== Stored data ==
Lemma PowBA_ble (I : Type) (X Y : I -> Prop) : incl X Y -> ble (PowBA I) X Y.
Proof.
  intro HXY. apply functional_extensionality. intro i.
  apply propositional_extensionality. simpl. split; [tauto | auto].
Qed.

Lemma set_ultrafilter_extension (I : Type) (F0 : (I -> Prop) -> Prop) :
  proper_filter (PowBA I) F0 -> exists U, ultrafilter I U /\ incl F0 U.
Proof.
  intro HF0.
  destruct (ba_ultrafilter_extension (PowBA I) F0 HF0)
    as [U [F0U [[Utop [Uup [Umeet Ubot]]] Uprime]]].
  exists U. split; [| exact F0U]. repeat split.
  - exact Utop.
  - exact Ubot.
  - intros X Y UX HXY. exact (Uup X Y (PowBA_ble I X Y HXY) UX).
  - exact Umeet.
  - exact Uprime.
Qed.

Section Ultrafilter.
Variables (I : Type) (U : (I -> Prop) -> Prop).
Hypothesis HU : ultrafilter I U.

Lemma uf_mono (X Y : I -> Prop) : U X -> incl X Y -> U Y.
Proof. destruct HU as [_ [_ [Hmono _]]]. apply Hmono. Qed.

Lemma uf_meet (X Y : I -> Prop) : U X -> U Y -> U (fun i => X i /\ Y i).
Proof. destruct HU as [_ [_ [_ [Hmeet _]]]]. apply Hmeet. Qed.

Lemma uf_all (X : I -> Prop) : (forall i, X i) -> U X.
Proof. intro HX. destruct HU as [Htop _]. apply (uf_mono _ _ Htop). intros i _. apply HX. Qed.

Lemma uf_inhabited (X : I -> Prop) : U X -> exists i, X i.
Proof.
  intro UX. apply NNPP. intro Hempty. destruct HU as [_ [Hbot _]]. apply Hbot.
  apply (uf_mono _ _ UX). intros i Xi. apply Hempty. exists i. exact Xi.
Qed.

End Ultrafilter.

Section Quotient.
Variables (P : BA) (R : car P -> car P -> Prop).
Hypothesis Rrefl : forall x, R x x.
Hypothesis Rsym : forall x y, R x y -> R y x.
Hypothesis Rtrans : forall x y z, R x y -> R y z -> R x z.
Hypothesis Rjoin : forall x y x' y', R x x' -> R y y' -> R (bjoin P x y) (bjoin P x' y').
Hypothesis Rmeet : forall x y x' y', R x x' -> R y y' -> R (bmeet P x y) (bmeet P x' y').
Hypothesis Rcompl : forall x x', R x x' -> R (bcompl P x) (bcompl P x').

Definition quot_car := {S : car P -> Prop | exists x, S = R x}.

Definition quot_class (x : car P) : quot_car := exist _ (R x) (ex_intro _ x eq_refl).

Lemma quot_class_eq x y : quot_class x = quot_class y <-> R x y.
Proof.
  split.
  - intro E. apply (f_equal (@proj1_sig _ _)) in E. simpl in E.
    rewrite E. apply Rrefl.
  - intro Rxy. unfold quot_class.
    assert (E : R x = R y).
    { apply functional_extensionality. intro z. apply propositional_extensionality.
      split; eauto. }
    apply eq_sig_hprop; [intros; apply proof_irrelevance | exact E].
Qed.

Definition quot_repr (S : quot_car) : car P :=
  proj1_sig (constructive_indefinite_description _ (proj2_sig S)).

Lemma quot_reprK S : quot_class (quot_repr S) = S.
Proof.
  unfold quot_repr. destruct (constructive_indefinite_description _ (proj2_sig S)) as [x Hx].
  destruct S as [S HS]. simpl in *. subst S. unfold quot_class. f_equal.
  apply proof_irrelevance.
Qed.

Definition quot_join S T := quot_class (bjoin P (quot_repr S) (quot_repr T)).
Definition quot_meet S T := quot_class (bmeet P (quot_repr S) (quot_repr T)).
Definition quot_compl S := quot_class (bcompl P (quot_repr S)).

Lemma quot_repr_class x : R (quot_repr (quot_class x)) x.
Proof. apply quot_class_eq, quot_reprK. Qed.

Lemma quot_join_class x y : quot_join (quot_class x) (quot_class y) = quot_class (bjoin P x y).
Proof. apply quot_class_eq, Rjoin; apply quot_repr_class. Qed.

Lemma quot_meet_class x y : quot_meet (quot_class x) (quot_class y) = quot_class (bmeet P x y).
Proof. apply quot_class_eq, Rmeet; apply quot_repr_class. Qed.

Lemma quot_compl_class x : quot_compl (quot_class x) = quot_class (bcompl P x).
Proof. apply quot_class_eq, Rcompl, quot_repr_class. Qed.

Ltac quot_elim := repeat match goal with
  | S : quot_car |- _ => rewrite <- (quot_reprK S); generalize (quot_repr S); clear S; intro
  end; repeat rewrite ?quot_join_class, ?quot_meet_class, ?quot_compl_class.

Definition quotBA : BA.
Proof.
  refine (@mkBA quot_car quot_join quot_meet quot_compl
            (quot_class (bbot P)) (quot_class (btop P)) _ _ _ _ _ _ _ _ _ _ _);
  intros; quot_elim; f_equal.
  all: first [ apply joinC | apply meetC | apply joinA | apply meetA | apply joinKmeet
             | apply meetKjoin | apply meetDjoin | apply join0 | apply meet1
             | apply joinCompl | apply meetCompl ].
Defined.

Lemma quot_class_hom : is_hom P quotBA quot_class.
Proof.
  repeat split; intros; symmetry;
    first [apply quot_join_class | apply quot_meet_class | apply quot_compl_class].
Qed.

Lemma quot_class_surj : @surj (car P) (car quotBA) quot_class.
Proof. intro S. exists (quot_repr S). apply quot_reprK. Qed.

End Quotient.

== Work instruction ==
Set down each line of the material verbatim, from the first line through the line that contains "Lemma uf_all (X".

== Response to this exercise ==
Lemma PowBA_ble (I : Type) (X Y : I -> Prop) : incl X Y -> ble (PowBA I) X Y.
Proof.
  intro HXY. apply functional_extensionality. intro i.
  apply propositional_extensionality. simpl. split; [tauto | auto].
Qed.

Lemma set_ultrafilter_extension (I : Type) (F0 : (I -> Prop) -> Prop) :
  proper_filter (PowBA I) F0 -> exists U, ultrafilter I U /\ incl F0 U.
Proof.
  intro HF0.
  destruct (ba_ultrafilter_extension (PowBA I) F0 HF0)
    as [U [F0U [[Utop [Uup [Umeet Ubot]]] Uprime]]].
  exists U. split; [| exact F0U]. repeat split.
  - exact Utop.
  - exact Ubot.
  - intros X Y UX HXY. exact (Uup X Y (PowBA_ble I X Y HXY) UX).
  - exact Umeet.
  - exact Uprime.
Qed.

Section Ultrafilter.
Variables (I : Type) (U : (I -> Prop) -> Prop).
Hypothesis HU : ultrafilter I U.

Lemma uf_mono (X Y : I -> Prop) : U X -> incl X Y -> U Y.
Proof. destruct HU as [_ [_ [Hmono _]]]. apply Hmono. Qed.

Lemma uf_meet (X Y : I -> Prop) : U X -> U Y -> U (fun i => X i /\ Y i).
Proof. destruct HU as [_ [_ [_ [Hmeet _]]]]. apply Hmeet. Qed.

Lemma uf_all (X : I -> Prop) : (forall i, X i) -> U X.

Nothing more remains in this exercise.